Perhaps you can find a cheaper one. It's been more than a decade since I bought mine and I don't remember the price anymore, but it seems like it wasn't cheap...


----------



## tomkat (Apr 27, 2014)

Ok so if I get it ground down finer can this be used as starter???


----------



## Bee Bliss (Jun 9, 2010)

In March, we took 8 frames of foundationless honey and did crush and strain. We took half of the honey and added a starter, jarred it and put it in the fridge. We did not heat the honey up before seeding. After a few weeks, we put that honey in the cool basement when we found out refrigeration was not advised. Both the seeded honey and crush and strained only honey was put in the basement. Imagine our surprise to find out that both honeys ended up being the smooth, creamed honey we wanted.


----------



## Michael Bush (Aug 2, 2002)

>Ok so if I get it ground down finer can this be used as starter??? 

Yes.


----------



## Kiran (Jan 27, 2014)

I am new in this but what I heard is to place 10% of honey in the refrigerator until it crystallizes and then grind well and stir it into the rest of the honey.
Creamed honey is *not* whipped.


----------



## Oldtimer (Jul 4, 2010)

Here's how we did it commercially, this will explain the principles behind it so you can do your own.

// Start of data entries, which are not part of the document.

(* Let $K$ be an algebraically closed field of characteristic zero, $\mathcal{K} = K(t)$, $\alpha \in \mathcal{K}$, and integers $M \ge 2$, $N \ge 1$, $d \ge 2$. Then $\alpha$ realizes portrait $(M,N)$ for $f_d(z)=z^d+t$ if and only if $f_d^{M-1}(\alpha)$ realizes portrait $(1,N)$ for $f_d$.
   Context: For $c \in K$, let $f_{d,c}(z) = z^d+c$. A point $x$ has preperiodic portrait $(M,N)$ for a map $\phi$ if $M\ge0$ is minimal with $\phi^M(x)$ periodic and $\phi^M(x)$ has exact period $N$. We say $\beta \in \mathcal{K}$ realizes portrait $(M,N)$ for $f_d$ if there exists $c \in K$ such that the specialization $\beta(c)\in\mathbb{P}^1(K)$ (reduction modulo the place $t=c$) has portrait $(M,N)$ for $f_{d,c}$. *)

From HB Require Import structures.
From mathcomp Require Import all_boot all_order all_algebra.
From mathcomp Require Import fraction.
Set Implicit Arguments. Unset Strict Implicit. Unset Printing Implicit Defensive.
Import Order.TTheory GRing.Theory Num.Theory.
Local Open Scope ring_scope.

(* P^1(K) is modelled as option K : Some z = the affine point z, None = infinity. *)

Notation ratfun K := {fraction {poly K}}.
Notation "x %:F" := (@FracField.tofrac _ x) : ring_scope.

Definition fdt (K : fieldType) (d : nat) (z : ratfun K) : ratfun K :=
  z ^+ d + ('X : {poly K})%:F.

Definition fdc (K : fieldType) (d : nat) (c : K) (x : option K) : option K :=
  match x with Some z => Some (z ^+ d + c) | None => None end.

Definition exact_period (T : Type) (phi : T -> T) (y : T) (N : nat) : Prop :=
  (0 < N)%N /\ iter N phi y = y /\ forall k, (0 < k < N)%N -> iter k phi y <> y.

Definition is_periodic (T : Type) (phi : T -> T) (y : T) : Prop :=
  exists n, (0 < n)%N /\ iter n phi y = y.

Definition has_portrait (T : Type) (phi : T -> T) (x : T) (M N : nat) : Prop :=
  is_periodic phi (iter M phi x) /\
  (forall m, (m < M)%N -> ~ is_periodic phi (iter m phi x)) /\
  exact_period phi (iter M phi x) N.

(* value of p/q at t = c in P^1(K), for coprime p, q *)
Definition eval_pt (K : fieldType) (p q : {poly K}) (c : K) : option K :=
  if q.[c] == 0 then None else Some (p.[c] / q.[c]).

Definition specializes (K : fieldType) (beta : ratfun K) (c : K) (x : option K) : Prop :=
  exists p q : {poly K}, [/\ coprimep p q, q != 0,
    beta = p%:F / q%:F & x = eval_pt p q c].

Definition realizes (K : fieldType) (d : nat) (beta : ratfun K) (M N : nat) : Prop :=
  exists c : K, exists x, specializes beta c x /\ has_portrait (fdc d c) x M N.

(* A point x has portrait (M,N) iff phi^{M-1}(x) has portrait (1,N), since
   periodicity propagates forward along an orbit.  Specialization at t = c
   commutes with f_d: for beta = p/q in lowest terms, f_d(beta) = (p^d + t q^d)/q^d
   is again in lowest terms, so its value at c is f_{d,c}(p(c)/q(c)), with
   infinity fixed.  As every element of K(t) has exactly one specialization at
   each c, the two realizability conditions hold for the same c. *)

From HB Require Import structures.
From mathcomp Require Import all_boot all_order all_algebra.
From mathcomp Require Import fraction generic_quotient.
Import GRing.Theory.
Set Implicit Arguments. Unset Strict Implicit.
Local Open Scope ring_scope.
Local Open Scope quotient_scope.

Section Portraits.

Variables (T : Type) (phi : T -> T).

Lemma is_periodic_next y : is_periodic phi y -> is_periodic phi (phi y).
Proof.
move=> [n [n_gt0 per_y]]; exists n; split => //.
by rewrite -iterSr iterS per_y.
Qed.

Lemma is_periodic_iter x m n :
  (m <= n)%N -> is_periodic phi (iter m phi x) -> is_periodic phi (iter n phi x).
Proof.
move=> /subnK <-; elim: (n - m)%N => [|j IHj] per_m //.
by rewrite addSn /=; apply/is_periodic_next/IHj.
Qed.

Lemma has_portrait_iter_pred x M N : (0 < M)%N ->
  has_portrait phi x M N <-> has_portrait phi (iter M.-1 phi x) 1 N.
Proof.
move=> M_gt0; rewrite /has_portrait -iterD add1n prednK //.
split=> -[per_M [aper per_N]]; split=> //; split=> // m.
- by rewrite ltnS leqn0 => /eqP -> /=; apply: aper; rewrite prednK.
- move=> lt_mM /(is_periodic_iter (n := M.-1)) per_pred.
  by apply: (aper 0%N) => //; apply: per_pred; rewrite -ltnS prednK.
Qed.

End Portraits.

Lemma fraction_tofrac_div (R : idomainType) (x : {fraction R}) :
  exists a b : R, b != 0 /\ x = a%:F / b%:F.
Proof.
set r := repr x.
exists r.1, r.2; split; first exact: denom_ratioP.
have r2_neq0 : r.2%:F != 0 by rewrite tofrac_eq0 denom_ratioP.
apply: (mulIf r2_neq0); rewrite divfK //.
have tofracE a : a%:F = \pi_({fraction R}) (Ratio a 1).
  by rewrite /FracField.tofrac; unlock.
rewrite -[x]reprK -/r !tofracE -[_ * _]FracField.pi_mul.
apply/eqmodP; rewrite /= FracField.equivfE /FracField.mulf.
rewrite !numden_Ratio ?oner_neq0 ?mulf_neq0 ?denom_ratioP ?oner_neq0 //.
by rewrite !mulr1 mulrC.
Qed.

Section Specialization.

Variable K : fieldType.
Implicit Types (p q : {poly K}) (beta : ratfun K) (c : K).

Lemma coprimep_root_neq0 p q c : coprimep p q -> root q c -> p.[c] != 0.
Proof. by move=> cop_pq qc0; apply: contraTN qc0 => /(coprimep_root cop_pq). Qed.

Lemma specializes_exists beta c : exists x, specializes beta c x.
Proof.
have [a [b [b_neq0 ->]]] := fraction_tofrac_div beta.
set g := gcdp a b.
have g_neq0 : g != 0 by rewrite gcdp_eq0 negb_and b_neq0 orbT.
have ha : a %/ g * g = a by rewrite divpK // dvdp_gcdl.
have hb : b %/ g * g = b by rewrite divpK // dvdp_gcdr.
have bg_neq0 : b %/ g != 0 by apply: contraNneq b_neq0 => bg0; rewrite -hb bg0 mul0r.
exists (eval_pt (a %/ g) (b %/ g) c), (a %/ g), (b %/ g); split => //.
  by apply: coprimep_div_gcd; rewrite b_neq0 orbT.
have gF_neq0 : g%:F != 0 :> ratfun K by rewrite tofrac_eq0.
by rewrite -{1}ha -{1}hb !tofracM invfM mulrACA divff // mulr1.
Qed.

Lemma specializes_unique beta c x y :
  specializes beta c x -> specializes beta c y -> x = y.
Proof.
move=> [p [q [cop_pq q_neq0 beta_pq ->]]] [p' [q' [cop_pq' q'_neq0 beta_pq' ->]]].
have qF_neq0 : q%:F != 0 :> ratfun K by rewrite tofrac_eq0.
have q'F_neq0 : q'%:F != 0 :> ratfun K by rewrite tofrac_eq0.
have cross : p * q' = p' * q.
  apply/eqP; rewrite -(tofrac_eq (R := {poly K})) !tofracM; apply/eqP.
  have := congr1 (fun z => z * q%:F * q'%:F) (etrans (esym beta_pq) beta_pq').
  by rewrite /= (divfK qF_neq0) => ->; rewrite (mulrAC _ q%:F) (divfK q'F_neq0).
have cross_c : p.[c] * q'.[c] = p'.[c] * q.[c] by rewrite -!hornerM cross.
rewrite /eval_pt; have [qc0|qc_neq0] := eqVneq q.[c] 0;
  have [q'c0|q'c_neq0] := eqVneq q'.[c] 0 => //.
- move: cross_c; rewrite qc0 mulr0 => /eqP; rewrite mulf_eq0 (negbTE q'c_neq0) orbF.
  by have := coprimep_root_neq0 cop_pq (introT eqP qc0) => /negbTE ->.
- move: cross_c; rewrite q'c0 mulr0 => /eqP; rewrite eq_sym mulf_eq0 (negbTE qc_neq0).
  by have := coprimep_root_neq0 cop_pq' (introT eqP q'c0) => /negbTE ->.
- by congr Some; apply/eqP; rewrite eqr_div // cross_c.
Qed.

Lemma expr_div_addr (F : fieldType) (a b x : F) n : b != 0 ->
  (a / b) ^+ n + x = (a ^+ n + x * b ^+ n) / b ^+ n.
Proof. by move=> b_neq0; rewrite expr_div_n mulrDl mulfK ?expf_neq0. Qed.

Lemma specializes_fdt d beta c x : (0 < d)%N ->
  specializes beta c x -> specializes (fdt d beta) c (fdc d c x).
Proof.
move=> d_gt0 [p [q [cop_pq q_neq0 -> ->]]].
exists (p ^+ d + 'X * q ^+ d), (q ^+ d); split.
- rewrite coprimep_sym addrC coprimep_addl_mul.
  by apply/coprimep_expl/coprimep_expr; rewrite coprimep_sym.
- by rewrite expf_neq0.
- have qF_neq0 : q%:F != 0 :> ratfun K by rewrite tofrac_eq0.
  by rewrite /fdt (expr_div_addr _ _ _ qF_neq0) tofracD tofracM !tofracXn.
- rewrite /eval_pt /fdc horner_exp; have [qc0|qc_neq0] := eqVneq q.[c] 0.
    by rewrite qc0 expr0n eqn0Ngt d_gt0 eqxx.
  rewrite expf_eq0 (negbTE qc_neq0) andbF; congr Some.
  by rewrite hornerD hornerM hornerX !horner_exp expr_div_addr.
Qed.

Lemma specializes_iter d beta c x n : (0 < d)%N ->
  specializes beta c x -> specializes (iter n (fdt d) beta) c (iter n (fdc d c) x).
Proof. by move=> d_gt0 spec_x; elim: n => //= n; apply: specializes_fdt. Qed.

End Specialization.

Lemma realizes_iter_pred (K : fieldType) d (alpha : ratfun K) M N :
  (0 < d)%N -> (0 < M)%N ->
  realizes d alpha M N <-> realizes d (iter M.-1 (fdt d) alpha) 1 N.
Proof.
move=> d_gt0 M_gt0; have portraitE c x := @has_portrait_iter_pred _ (fdc d c) x M N M_gt0.
split=> -[c [x [spec_x port_x]]]; exists c.
- exists (iter M.-1 (fdc d c) x); split; first exact: specializes_iter.
  by apply/portraitE.
- have [x0 spec_x0] := specializes_exists alpha c.
  exists x0; split => //; apply/portraitE.
  by rewrite (specializes_unique (specializes_iter M.-1 d_gt0 spec_x0) spec_x).
Qed.

Theorem lemma3p3 (K : closedFieldType) (hchar : [pchar K] =i pred0)
  (alpha : {fraction {poly K}}) (M N d : nat) :
  (2 <= M)%N -> (1 <= N)%N -> (2 <= d)%N ->
  realizes d alpha M N <-> realizes d (iter M.-1 (fdt d) alpha) 1 N.
Proof.
move=> M_ge2 _ d_ge2.
by apply: realizes_iter_pred; [apply: leq_trans d_ge2 | apply: leq_trans M_ge2].
Qed.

We had a creaming room, which was a room held at 57 degrees & had several 2 ton honey tanks in it. Each tank had a stirrer, which was 3 blades that turned very slowly, maybe once around the tank a minute. They were set up so they completely agitated and slowly stirred all honey in the tank.

Method - The fully creamed honey was run out of the tank but 10% was left in the bottom. The tank was refilled with liquid honey and the stirrers were running. In 3 days, all the honey would be fully creamed, the stirrers had ensured the honey had not set, it would still flow & could be packed, it would be drained off leaving the bottom 10% for the next run. To make what was called "hard creamed" honey, the tank would be drained and honey packed after one day of stirring. After one day the tiny crystals had not fully replicated themselves and the process would continue in the jar. Because there was no stirring in the jar the crystals would set into each other and the honey would be hard.

In all cases the crystals were so tiny as to be undetectable by taste, the honey just tasted firm and creamy.

Where did the first creamed honey come from? It's all about temperature. If you get a jar of liquid honey and hold it at 57 degrees for however long it takes to granulate, the grains when it eventually happens will be fine, undetectably small grains. This could then be used as starter for other honey. All the starter does is give the granulating process a kick start, but the quality of getting fine grains is about the temperature.

So the reason peoples honey granulates into coarse, unpleasant tasting granules, is because most people store their honey at temperatures higher than 57.


----------